Bu çağrı Cumhurbaşkanı tarafından olumlu karşılık bulmuş, partilerin ittifak halinde seçimlere girmesini mümkün kılan kanunların onaylanması sonrası 24 Haziran 2018 tarihinde Cumhurbaşkanlığı ve Milletvekilliği seçimleri bir yıl öne çekilerek yapılmıştır.
 
24 Haziran seçimlerinde MHP Cumhurbaşkanı adayı olarak Erdoğan’ı desteklemiş ve yine Devlet Bahçelinin önerisiyle AKP-MHP arasında Cumhur İttifakı tesis edilmek suretiyle Türk Milletinin yeni sistemi onayladığı başarılı bir sonuç elde edilmiştir.
 AKP ve MHP arasındaki bu uyumlu ve yapıcı ittifak anlayışı diğer partileri de ittifak yapmaya mecbur etmiş güçlü demokratik yapıların ortaya çıkmasına neden olmuştur.

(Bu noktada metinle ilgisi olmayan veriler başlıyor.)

Lemma weight_ge0 d : (d <= k)%nat -> 0 <= weight d.
Proof.
move=> dk; apply: Rmult_le_pos; first exact: wave_ge0.
exact/Rlt_le/Rinv_0_lt_compat/rad_pow_gt0.
Qed.

Lemma weight_le d d' : (d <= d')%nat -> (d' <= k)%nat -> weight d' <= weight d.
Proof.
move=> dd' d'k; rewrite /weight /Rdiv.
have inv_le : / rad ^ d' <= / rad ^ d.
  apply: Rinv_le_contravar; first exact: rad_pow_gt0.
  by apply: Rle_pow; [have := rad_gt1; lra | apply/leP].
have := Rinv_0_lt_compat _ (rad_pow_gt0 d'); have := wave_le dd' d'k.
have := wave_ge0 d'k; nra.
Qed.

Section LargeDegreeOrHeight.
Hypothesis Delta_or_height : (4 <= Delta)%nat \/ (Delta = 3%nat /\ (4 <= k)%nat).
Hypothesis k_ge2 : (2 <= k)%nat.

Lemma cos_theta_gt : 2 * rad - rad * rad + 1 < 2 * cos theta.
Proof.
have s2 := rad_sqr; have s1 := rad_gt1; have pi_ub := PI_le_16_5; have pi_gt0 := PI_RGT_0.
have theta_le n : (n <= k)%nat -> theta <= PI / (2 * INR n + 1).
  move=> /leP/le_INR hn; apply: Rmult_le_compat_l; first lra.
  by apply: Rinv_le_contravar; have := pos_INR n; lra.
have cos_lb t : theta <= t -> t <= 1 -> 2 - t * t <= 2 * cos theta.
  move=> ht t1; have th0 := theta_gt0.
  have : 1 - theta * theta / 2 <= cos theta.
    by apply: cos_ge_1_sub_sqr_half; have := PI2_1; split; lra.
  nra.
have th5 : theta <= 16 / 25 by have /= := theta_le 2%nat k_ge2; lra.
case: Delta_or_height => [D4 | [D3 k4]].
- have /= := le_INR _ _ (leP D4); case: (Nat.eq_dec Delta 4) => [E4 | D5] hD4.
  + rewrite E4 /= in s2; have := cos_lb _ th5 ltac:(lra).
    (* rational upper bounds for sqrt 3 and, below, sqrt 2 *)
    have : rad <= 17321 / 10000 by nra.
    lra.
  + have /= : INR 5 <= INR Delta by apply/le_INR/leP; lia.
    have := cos_lb _ th5 ltac:(lra); nra.
- rewrite D3 /= in s2.
  have th9 : theta <= 16 / 45 by have /= := theta_le 4%nat k4; lra.
  have := cos_lb _ th9 ltac:(lra).
  have : rad <= 14143 / 10000 by nra.
  lra.
Qed.

Lemma weight_cycle : 2 * weight 0 + (INR Delta - 2) * weight 1 < adj_bound * weight 0.
Proof.
have w0 : 0 < wave 0 by apply: wave_gt0; lia.
have s1 := rad_gt1; have key := cos_theta_gt.
rewrite /weight /adj_bound /= Rdiv_1_r Rmult_1_r.
rewrite (_ : INR Delta - 2 = rad * rad - 1); last by rewrite rad_sqr; lra.
have -> : wave 1 = (2 * cos theta - 1) * wave 0 by have := wave_rec0; lra.
apply: (Rmult_lt_reg_r rad); first lra.
have -> : (2 * wave 0 + (rad * rad - 1) * ((2 * cos theta - 1) * wave 0 / rad)) * rad
  = wave 0 * (2 * rad + (rad * rad - 1) * (2 * cos theta - 1)) by field; lra.
nra.
Qed.

End LargeDegreeOrHeight.
End Degree.
End DepthWeight.

Section RealSums.
Variable V : finType.

Lemma sumR_le (P : pred V) (F G : V -> R) :
  (forall v, P v -> F v <= G v) ->
  \big[Rplus/0]_(v | P v) F v <= \big[Rplus/0]_(v | P v) G v.
Proof. by move=> FG; apply/RleP/ler_sum => v Pv; apply/RleP/FG. Qed.

Lemma sumR_lt (P : pred V) (F G : V -> R) v0 :
  (forall v, P v -> F v <= G v) -> P v0 -> F v0 < G v0 ->
  \big[Rplus/0]_(v | P v) F v < \big[Rplus/0]_(v | P v) G v.
Proof.
move=> FG P0 FG0; rewrite (bigD1 v0 P0) [X in _ < X](bigD1 v0 P0) /=.
by apply: Rplus_lt_le_compat => //; apply: sumR_le => v /andP [Pv _]; apply: FG.
Qed.

Lemma sumR_const (P : pred V) (x : R) : \big[Rplus/0]_(v | P v) x = INR #|P| * x.
Proof. by rewrite sumr_const INRE RmultE mulr_natl. Qed.

Lemma Cmod_sum_le (w : V -> R) (z : V -> C) : (forall v, 0 <= w v) ->
  Cmod (\big[Rplus/0]_v (w v * (z v).1), \big[Rplus/0]_v (w v * (z v).2))
  <= \big[Rplus/0]_v (w v * Cmod (z v)).
Proof.
move=> w_ge0; apply: (big_rec3 (fun a b s => Cmod (a, b) <= s)).
  by rewrite -[(0, 0)]/(RtoC 0) Cmod_0; lra.
move=> v a b s _ IH.
have -> : (w v * (z v).1 + a, w v * (z v).2 + b) = (RtoC (w v) * z v + (a, b))%C.
  by case: (z v) => x y; apply: injective_projections; rewrite /=; ring.
apply: Rle_trans (Cmod_triangle _ _) _.
by rewrite Cmod_mult Cmod_R Rabs_pos_eq //; lra.
Qed.

End RealSums.

Section SubinvariantVector.
Variables (V : finType) (M : V -> V -> R) (E : rel V) (S : pred V) (f : V -> R) (r : R).
Hypothesis M_ge0 : forall u v, 0 <= M u v.
Hypothesis M_gt0 : forall u v, E u v -> 0 < M u v.
Hypothesis f_gt0 : forall u, 0 < f u.
Hypothesis Mf_le : forall u, mxv M f u <= r * f u.
Hypothesis Mf_lt : forall u, S u -> mxv M f u < r * f u.
Hypothesis S_reachable : forall u, exists2 s, S s & connect E u s.

Lemma eigenvector_Cmod_subinvariant a b (x y : V -> R) :
  (forall u, mxv M x u = a * x u - b * y u /\ mxv M y u = b * x u + a * y u) ->
  forall u, Cmod (a, b) * Cmod (x u, y u) <= mxv M (fun v => Cmod (x v, y v)) u.
Proof.
move=> eig u; rewrite -Cmod_mult.
have -> : ((a, b) * (x u, y u))%C = (mxv M x u, mxv M y u).
  by case: (eig u) => -> ->; apply: injective_projections; rewrite /=; ring.
exact: (Cmod_sum_le (fun v => (x v, y v))).
Qed.

Section Saturation.
Variables (rho T : R) (m : V -> R).
Hypothesis r_le_rho : r <= rho.
Hypothesis T_gt0 : 0 < T.
Hypothesis m_le : forall u, m u <= T * f u.
Hypothesis m_sub : forall u, rho * m u <= mxv M m u.

Lemma mxv_le_scale u : mxv M m u <= T * mxv M f u.
Proof.
rewrite /mxv big_distrr /=; apply: sumR_le => v _.
by have := Rmult_le_compat_l _ _ _ (M_ge0 u v) (m_le v); lra.
Qed.

Lemma saturated_mxv u : m u = T * f u ->
  mxv M m u = T * mxv M f u /\ mxv M f u = r * f u.
Proof.
move=> mu; have := m_sub u; have := mxv_le_scale u; have := Mf_le u; have := f_gt0 u.
move=> fu Mf Mm sub.
have : T * mxv M f u <= T * (r * f u) by apply: Rmult_le_compat_l; lra.
have : r * (T * f u) <= rho * (T * f u) by apply: Rmult_le_compat_r; nra.
rewrite -mu; split; nra.
Qed.

Lemma saturated_notin u : m u = T * f u -> ~~ S u.
Proof.
move=> /saturated_mxv [_ Mf]; apply/negP => /Mf_lt; lra.
Qed.

Lemma saturated_edge u w : m u = T * f u -> E u w -> m w = T * f w.
Proof.
move=> /saturated_mxv [Mm _] Euw; apply: Rle_antisym; first exact: m_le.
apply: Rnot_lt_le => mw; suff : mxv M m u < T * mxv M f u by lra.
rewrite /mxv big_distrr /=; apply: (@sumR_lt _ _ _ _ w) => // [v _|].
  by have := Rmult_le_compat_l _ _ _ (M_ge0 u v) (m_le v); lra.
by have := Rmult_lt_compat_l _ _ _ (M_gt0 Euw) mw; lra.
Qed.

Lemma saturated_connect u w : m u = T * f u -> connect E u w -> m w = T * f w.
Proof.
move=> mu /connectP [p Ep ->]; elim: p u Ep mu => [|v p IH] u //=.
by move=> /andP [Euv Ep] mu; apply: IH Ep _; apply: saturated_edge Euv.
Qed.

End Saturation.

Lemma spectral_radius_lt_subinvariant : spectral_radius_lt M r.
Proof.
move=> a b [x [y [[v0 xy0] eig]]].
pose m v := Cmod (x v, y v).
have -> : sqrt (a * a + b * b) = Cmod (a, b) by rewrite /Cmod /=; congr sqrt; ring.
have m_sub := eigenvector_Cmod_subinvariant eig.
have [u0 _ u0_max] := @Order.TotalTheory.arg_maxP _ _ _ v0 xpredT (fun v => m v / f v) isT.
pose T := m u0 / f u0.
have m_le u : m u <= T * f u.
  have fu := f_gt0 u; have /RleP := u0_max u isT; rewrite -/T => le_T.
  have -> : m u = m u / f u * f u by field; lra.
  by apply: Rmult_le_compat_r; lra.
have T_gt0 : 0 < T.
  have m0 : 0 < m v0.
    apply/Cmod_gt_0 => /pair_equal_spec [x0 y0].
    by case: xy0; rewrite ?x0 ?y0.
  by have := m_le v0; have := f_gt0 v0; nra.
have mu0 : m u0 = T * f u0 by rewrite /T; field; have := f_gt0 u0; lra.
case: (Rlt_le_dec (Cmod (a, b)) r) => // r_le.
have [s Ss u0s] := S_reachable u0.
have ms := saturated_connect r_le T_gt0 m_le m_sub mu0 u0s.
by move: (saturated_notin r_le T_gt0 m_le m_sub ms); rewrite Ss.
Qed.

End SubinvariantVector.

Section UnicyclicGraph.
Local Open Scope nat_scope.
Variables (V : finType) (e : rel V) (c : seq V).
Hypothesis e_simple : simple_graph e.
Hypothesis e_unicyclic : unicyclic e.
Hypothesis c_is_cycle : is_cycle e c.

Lemma e_sym : symmetric e. Proof. by case: e_simple. Qed.
Lemma e_irr x : e x x = false. Proof. by case: e_simple => irr _; apply: irr. Qed.

Lemma c_uniq : uniq c. Proof. by case/and3P: c_is_cycle. Qed.
Lemma c_cycle : cycle e c. Proof. by case/and3P: c_is_cycle. Qed.

Lemma c_nonempty : exists v, v \in c.
Proof. by case/and3P: c_is_cycle; case: (c) => [|v s] //= _ _ _; exists v; rewrite inE eqxx. Qed.

Definition remove_edge (x y : V) : rel V :=
  fun a b => e a b && ~~ (((a == x) && (b == y)) || ((a == y) && (b == x))).
(* Let $T$ be a balanced tree with a proper 2-coloring $\chi:V\to\{\mathcal{R},\mathcal{B}\}$ in which all leaves are blue, and suppose $\mathrm{height}(T)\ge 4$. Then $T$ has two minimal RD-sets of different sizes, and $T$ is mixed.
   Context: $N(D)=\bigcup_{v\in D}\{u:uv\in E\}$. A leaf is a vertex of degree 1; the height of a vertex is its minimum distance to a leaf; $\mathrm{height}(T)$ is the maximum height of a vertex; $T$ is balanced if no two adjacent vertices have the same height. A proper 2-coloring gives adjacent vertices different colors. An RD-set (red-dominating set) is $D\subseteq V$ with $N(D)=\chi^{-1}(\mathcal{R})$; it is minimal if no proper subset is an RD-set. A TD-set is $D$ with $N(D)=V$, minimal if no proper subset is a TD-set; $T$ is mixed if not all minimal TD-sets have the same size. *)

From mathcomp Require Import all_boot.
Set Implicit Arguments. Unset Strict Implicit. Unset Printing Implicit Defensive.

(* A simple graph: vertex set a finType T, adjacency e : rel T,
   assumed symmetric and irreflexive in the theorem. *)

Section Graphs.
Variables (T : finType) (e : rel T).

Definition nbhd (D : {set T}) : {set T} :=
  [set u | [exists v in D, e u v]].

Definition degree (v : T) : nat := #|[set u | e v u]|.

Definition leaf (v : T) : bool := degree v == 1.

Definition connected : Prop := forall x y : T, connect e x y.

31 Mart tarihinde yapılan yerel seçimlerde de bu ittifak anlayışı sürdürülmüş, Cumhurbaşkanlığı ve Milletvekilliği seçimlerindeki gibi uygulama formülü ortaya konamamasına rağmen yeni sistem konusunda halkın tereddüdünün olmadığını ortaya koyan başarılı bir sonuç elde edilmiştir.

Yukarıda tarihi sırasına göre vermeye çalıştığım yakın siyasi tarihimizdeki yaşanan hadiselerde Devlet Bahçeli’nin oynadığı rol, Cumhuriyet tarihimizde eşi görülmeyen bir siyasi ve devlet adamı kimliğini ortaya koymaktadır.

Türk Milleti hangi meşrep, inanç ve etnik kökten gelirse gelsin onun söyleyeceklerine her zaman dikkat kesilmiş hatta ona kutsal olan “Devlet” kadar güvenmiştir.

Devlet Bahçeli, Önce Ülkem ve Milletim sonra Partim ve Ben anlayışını kendisine düstur edinmiş ve bu noktadaki samimiyetini aziz Türk Milletine de kabul ettirmiş “Bilge Lider”dir.